2012-06-17 Thread Rui Barradas

Hello,

I've seen your reply to arun's reply and gave it a try.
Since arun's code included more than one column, I've added another in 
one of the examples.


# Example 1
dattrial1 <- data.frame(a=c(1,NA,rnorm(4,10)), Week=c(3,3,3,4,4,4))

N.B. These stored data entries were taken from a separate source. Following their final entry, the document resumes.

Lemma is_derive_coord {m n} (F : R -> 'M[R]_(m, n)) (t : R) (D : 'M[R]_(m, n)) i j :
  is_derive t 1 F D -> is_derive t 1 (fun s => F s i j) (D i j).
Proof.
case=> dF <-; have dFij := (derivable_mxP F t 1).1 dF i j.
by apply: is_derive_eq (derivableP dFij) _; rewrite (derive_mx dF) mxE.
Qed.

Lemma is_derive_eucl (F : R -> 'rV[R]_3) (t : R) (D : 'rV[R]_3) :
  is_derive t 1 F D -> 0 < eucl (F t) ->
  is_derive t 1 (fun s => eucl (F s)) (dot (F t) D / eucl (F t)).
Proof.
move=> dF F_gt0; pose q s := \sum_(c < 3) F s ord0 c ^+ 2.
have dq : is_derive t 1 q (2 * dot (F t) D).
  rewrite /q -fct_sumE /dot mulr_sumr.
  apply: is_derive_eq; first (apply: is_derive_sum => c; rewrite -exprfctE).
    by apply: is_deriveX; apply: is_derive_coord.
  by apply: eq_bigr => c _; rewrite expr1 /= mulrA.
have q_gt0 : 0 < q t by rewrite -sqrtr_gt0.
apply: is_derive_eq (is_derive1_comp (is_derive1_sqrt q_gt0) dq) _.
by rewrite -/(eucl (F t)); field; rewrite gt_eqF.
Qed.

End EuclideanCalculus.

Section Barrier.
Context {R : realType}.

Lemma last_nonpos (h : R -> R) (a s : R) : a <= s ->
  {within `[a, s], continuous h} -> h a <= 0 -> 0 < h s ->
  exists m, [/\ a <= m <= s, h m <= 0 & forall t, m < t <= s -> 0 < h t].
Proof.
move=> a_s ch ha hs; pose S := [set t | a <= t <= s /\ h t <= 0].
have Sa : S a by rewrite /S /= lexx a_s.
have supS : has_sup S by split; [exists a | exists s => t [/andP[]]].
have a_m : a <= sup S by exact: sup_upper_bound.
have m_s : sup S <= s by apply: ge_sup => //; [exists a | move=> t [/andP[]]].
have after_m t : sup S < t <= s -> 0 < h t.
  case/andP=> mt ts; rewrite ltNge; apply/negP => ht.
  have St : S t by split; rewrite // ts andbT (le_trans a_m) // ltW.
  by move: mt; rewrite ltNge sup_upper_bound.
exists (sup S); split=> //; first by rewrite a_m.
rewrite leNgt; apply/negP => hm.
have /cvgr_gt /(_ _ hm) : h x @[x --> within `[a, s] (nbhs (sup S))] --> h (sup S).
  by apply/(subspace_continuousP _ _).1 => //; rewrite /= in_itv /= a_m.
rewrite near_withinE => /nbhs_ballP [e e_gt0 near_m].
have [x [/andP[ax xs] hx] mx] := sup_adherent e_gt0 supS.
have xm : x <= sup S by apply: sup_upper_bound => //; rewrite /S /= ax.
suff : 0 < h x by rewrite ltNge hx.
apply: near_m; last by rewrite /= in_itv /= ax.
by rewrite /ball /= ger0_norm ?subr_ge0 // ltrBlDr addrC -ltrBlDr.
Qed.

Lemma nonpos_barrier (h dh : R -> R) (a : R) :
  {within `[a, +oo[, continuous h} -> h a <= 0 ->
  (forall t, a < t -> 0 < h t -> is_derive t 1 h (dh t)) ->
  (forall t, a < t -> 0 < h t -> dh t <= 0) ->
  forall t, a <= t -> h t <= 0.
Proof.
move=> ch ha dh_h dh_le0 s a_s; rewrite leNgt; apply/negP => hs.
have sub_as : `[a, s] `<=` `[a, +oo[ by move=> t /=; rewrite !in_itv /= => /andP[->].
have [m [/andP[a_m m_s] hm pos]] := @last_nonpos h a s a_s
  (continuous_subspaceW sub_as ch) ha hs.
suff : h s <= h m by rewrite leNgt (le_lt_trans hm hs).
have mt_pos t : t \in `]m, s[ -> a < t /\ 0 < h t.
  by rewrite in_itv /= => /andP[mt ts]; rewrite (le_lt_trans a_m mt) pos // mt ltW.
apply: (@ler0_derive1_le_cc _ h m s); rewrite ?in_itv /= ?lexx ?m_s //.
- by move=> t /mt_pos[at_ ht]; have [] := dh_h t at_ ht.
- by move=> t /mt_pos[at_ ht]; have D := dh_h t at_ ht; rewrite derive1E derive_val dh_le0.
- by apply: continuous_subspaceW ch => t /=; rewrite !in_itv /= => /andP[/(le_trans a_m) ->].
Qed.

Lemma eucl_barrier (W DW : R -> 'rV[R]_3) (y dy : R -> R) (a : R) :
  {within `[a, +oo[, continuous W} ->
  (forall t, a < t -> is_derive t 1 W (DW t)) ->
  (forall t, a <= t -> is_derive t 1 y (dy t)) ->
  (forall t, a < t -> 0 <= y t) ->
  eucl (W a) <= y a ->
  (forall t, a < t -> y t < eucl (W t) -> dot (W t) (DW t) / eucl (W t) <= dy t) ->
  forall t, a <= t -> eucl (W t) <= y t.
Proof.
move=> cW dW dy_y y_ge0 Wa drift.
suff : forall t, a <= t -> eucl (W t) - y t <= 0 by move=> le t /le; rewrite subr_le0.
apply: (nonpos_barrier (fun s => eucl (W s) - y s)
  (fun s => dot (W s) (DW s) / eucl (W s) - dy s)).
- have cy : {within `[a, +oo[, continuous y}.
    by apply: derivable_within_continuous => s; rewrite in_itv /= andbT => /dy_y[].
  have cWn : {within `[a, +oo[, continuous (fun s => eucl (W s))}.
    by move=> s; exact: continuous_comp (cW s) (continuous_eucl _).
  by move=> s; exact: cvgB (cWn s) (cy s).
- by rewrite subr_le0.
- move=> s a_s; rewrite subr_gt0 => ys; apply: is_deriveB (dy_y s (ltW a_s)).
  by apply: is_derive_eucl (dW s a_s) _; apply: le_lt_trans ys; apply: y_ge0.
- by move=> s a_s; rewrite subr_gt0 subr_le0; apply: drift.
Qed.

End Barrier.

Section ShiftedPower.
Context {R : realType}.
Implicit Types p t : R.

Lemma is_derive_shift_powR (C p : R) {t : R} : -1 < t ->
  is_derive t 1 (fun s => C * (1 + s) `^ p) (C * (p * (1 + t) `^ (p - 1))).
Proof.
move=> t_gt; have t1_gt0 : 0 < 1 + t by lra.
have d1 : is_derive t 1 (fun s : R => 1 + s) 1.
  have := is_deriveD (is_derive_cst (1 : R) t 1) (is_derive_id t (1 : R)).
  by rewrite add0r.
have := is_derive1_comp (is_derive1_powR p t1_gt0) d1; rewrite mulr1 => dpow.
exact: (@is_deriveZ _ _ _ _ C _ _ _ dpow).
Qed.

Lemma powR_subr1 (x q : R) : 0 < x -> x `^ (q - 1) = x `^ q / x.
Proof.
move=> x_gt0; rewrite powRD; last by rewrite (gt_eqF x_gt0) implybT.
by rewrite powR_inv1 // ltW.
Qed.

Lemma shift_powR_le1 p t : 0 <= t -> p <= 0 -> (1 + t) `^ p <= 1.
Proof.
move=> t_ge0 p_le0; rewrite -[leRHS](powRr0 (1 + t)).
by apply: ler_powR; rewrite // lerDl.
Qed.

Lemma shift_powR_unbounded p (Q : R) : 0 < p ->
  exists2 T, 0 <= T & forall t, T <= t -> Q <= (1 + t) `^ p.
Proof.
move=> p_gt0; pose M := Num.max Q 1; have M_ge0 : 0 <= M by rewrite le_max ler01 orbT.
exists (M `^ p^-1); first exact: powR_ge0.
move=> t T_t; apply: (@le_trans _ _ M); first by rewrite le_max lexx.
have T_t1 : M `^ p^-1 <= 1 + t by have := powR_ge0 M p^-1; lra.
rewrite -[leLHS](powRr1 M_ge0) -[X in M `^ X](mulVf (lt0r_neq0 p_gt0)) powRrM.
have t1_ge0 := le_trans (powR_ge0 _ _) T_t1.
by apply: ge0_ler_powR; rewrite ?nnegrE ?powR_ge0 ?(ltW p_gt0).
Qed.

End ShiftedPower.

Lemma cs_weight_ge0 {R : realType} (H beta : R) (u w : 'rV[R]_3) :
  0 <= H -> 0 <= cs_weight H beta u w.
Proof. by move=> H_ge0; rewrite divr_ge0 ?powR_ge0. Qed.

Lemma cs_weight_ge {R : realType} (H beta D t : R) (u w : 'rV[R]_3) :
  0 < H -> 0 <= beta -> 0 <= t -> eucl (u - w) <= D * (1 + t) ->
  H / (1 + D ^+ 2) `^ beta * (1 + t) `^ (- (2 * beta)) <= cs_weight H beta u w.
Proof.
move=> H_gt0 beta_ge0 t_ge0 uw_le; have t1_ge1 : 1 <= 1 + t by lra.
have D2_ge0 := sqr_ge0 D.
have dist_le : 1 + eucl (u - w) ^+ 2 <= (1 + D ^+ 2) * (1 + t) ^+ 2.
  have : eucl (u - w) ^+ 2 <= (D * (1 + t)) ^+ 2.
    by rewrite ler_pXn2r // ?nnegrE ?eucl_ge0 // (le_trans (eucl_ge0 _) uw_le).
  have : 1 <= (1 + t) ^+ 2 by rewrite expr2; nra.
  rewrite exprMn; nra.
rewrite /cs_weight (powRN (1 + t)) -mulrA -invfM ler_pM2l //.
rewrite lef_pV2 ?posrE ?mulr_gt0 ?powR_gt0 ?ltr_pwDl ?sqr_ge0 //.
rewrite powRrM powR_mulrn ?(le_trans ler01 t1_ge1) // -powRM ?sqr_ge0 ?addr_ge0 //.
by apply: ge0_ler_powR; rewrite // nnegrE ?mulr_ge0 ?addr_ge0 ?ler01 ?sqr_ge0.
Qed.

d1 <- split(dattrial1, dattrial1$Week)
count <- sapply(d1, function(x) sum(!is.na(x$a)))
count


# Example 2
dattrial2 <- data.frame(a=c(1,NA,rnorm(4,10)), b=c(1,2,NA,3,4,6), 
Week=c(3,3,3,4,4,4))


d2 <- split(dattrial2, dattrial2$Week)
count <- sapply(d2, function(x){
yes <- apply(x, 1, function(y) all(!is.na(y)))
sum(yes)
})
count


# Works for both examples
plot(names(count), count, type="b", col="red", pch=16)


Hope this helps,

Rui Barradas

Em 16-06-2012 21:11, Tagmarie escreveu:

Hello,
I'm quite new to R and still spend hours trying to figure out single things
so I hope nobody rolls his eyes over my question.

I have a data set over time and converted it to the POSTIXct format. I added
a column in the data set for the week and the month.

I try to get a plot which shows the weeks on the x-axis and the number of
datasets without NAs on the y-axis. That doesn't sound too difficult but I
can't figure it out.

Does anybody have an idea?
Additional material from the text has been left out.